While it argued the abandoned land rule does not stand in the way of corporate sustainability pledges, Greenpeace said the rule was useful in preventing firms from engaging in land banking, which can prevent local stakeholders from utilizing the resources for customary use, subsistence living or smallholder plantations.
“The elimination of article 16 of the plantation law could legalize the practice of land banking, allowing companies to get permits over land without making use of them,” Komarudin said. “It will enable speculation, given that they won’t have any time constraints to exploit the land.”
Marcus Colchester, senior policy adviser for the Forest Peoples Programme, an NGO, said he is similarly concerned that the provisions in the omnibus bill will further hurt local and indigenous peoples’ efforts to gain control over their customary lands.
“These amendments, which lengthen the period and extent over which interim permits (ijin lokasi) can be held, are worrying,” Colchester wrote in an email. “They not only re-open the risk of land speculation and ‘land banking’ but they further threaten the security of the tens of thousands of communities whose customary lands are overlapped by these permits.”
Colchester said the people of Indonesia would be better served if the government amended the current law to explicitly allow for non-exploitative activities. “Rather than reducing requirements on companies, it would have been better to explicitly allow set-asides for conservation and community use,” he said.
Expanding beyond the implications of removing the abandoned land rule, Colchester continued, “the amended laws also fail to address the biggest problem that communities face from business use permits [Hak Guna Usaha or HGU], which is that they extinguish in perpetuity communities’ customary rights in land, the underlying cause of thousands of land conflicts across the archipelago.”

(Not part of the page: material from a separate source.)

(* Let $s,t\in\mathbb{R}$ with $s\ne0$, $t\neq0$, $s^2+4t>0$, and let $a,\xi\in\mathbb{C}$. Consider the equation $(\mathbf{D}_{s,t}y)(x)=a\,y(\varphi_{s,t}x)$. (All identities below are asserted at points where the involved series converge.) (1) $f(x)=\xi\,\mathrm{Exp}_{s,t}(ax)$ is a solution with $f(0)=\xi$. (2) For $\eta$ with $\mathrm{Exp}_{s,t}(a\eta)$ and $\mathrm{Exp}'_{s,t}(-a\eta)$ convergent, $f(x)=\xi\,\mathrm{Exp}_{s,t}(ax)\,\mathrm{Exp}'_{s,t}(-a\eta)$ is a solution with $f(\eta)=\xi$. (3) If $\eta>0$ and $f(x)=\mathrm{Exp}_{s,t}(ax)\mathrm{Exp}'_{s,t}(-a\eta)$ (a solution with $f(\eta)=1$), then for every function $p$ with $p(qy)=p(y)$ for all $y\ne0$, where $q=\varphi'_{s,t}/\varphi_{s,t}$, the function $g(x)=p(x)f(x)$ is also a solution, and $g(\eta)=p(\eta)$.
   Context: $\varphi_{s,t}=\frac{s+\sqrt{s^2+4t}}{2}$, $\varphi'_{s,t}=\frac{s-\sqrt{s^2+4t}}{2}$. Generalized Fibonacci polynomials: $\{0\}_{s,t}=0$, $\{1\}_{s,t}=1$, $\{n+2\}_{s,t}=s\{n+1\}_{s,t}+t\{n\}_{s,t}$; Fibotorial $\{n\}_{s,t}!=\prod_{k=1}^n\{k\}_{s,t}$, $\{0\}_{s,t}!=1$. $\mathrm{Exp}_{s,t}(z)=\sum_{n\ge0}\varphi_{s,t}^{\binom n2}z^n/\{n\}_{s,t}!$, $\mathrm{Exp}'_{s,t}(z)=\sum_{n\ge0}\varphi_{s,t}'^{\,\binom n2}z^n/\{n\}_{s,t}!$. The $(s,t)$-derivative: $(\mathbf{D}_{s,t}f)(x)=\frac{f(\varphi_{s,t}x)-f(\varphi'_{s,t}x)}{(\varphi_{s,t}-\varphi'_{s,t})x}$ for $x\ne0$, $(\mathbf{D}_{s,t}f)(0)=f'(0)$. In the paper the $q$-periodic functions are written $G(\log_q(x))$ with $G$ periodic of period one. *)

From Stdlib Require Import Reals.
From Coquelicot Require Import Coquelicot.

He added, “Until the government puts the rights and interests of its citizens — by recognizing the land rights of indigenous peoples and other rural folk — ahead of land speculators and investors by handing out concessions over customary lands, these conflicts will continue, human rights abuses will proliferate and Indonesian palm oil will have a negative reputation in the market.”
Greenpeace’s Asep echoed this concern, pointing out that the bill extends HGU permits — which give the right to work on land owned by the Indonesian government — to 90 years from the current 35.
“While communities have been demanding a more equitable redistribution of land, this extension will concentrate the land even in fewer and richer hands, then lead to land-banking,” he said. “This will likely worsen land-conflict in Indonesia.”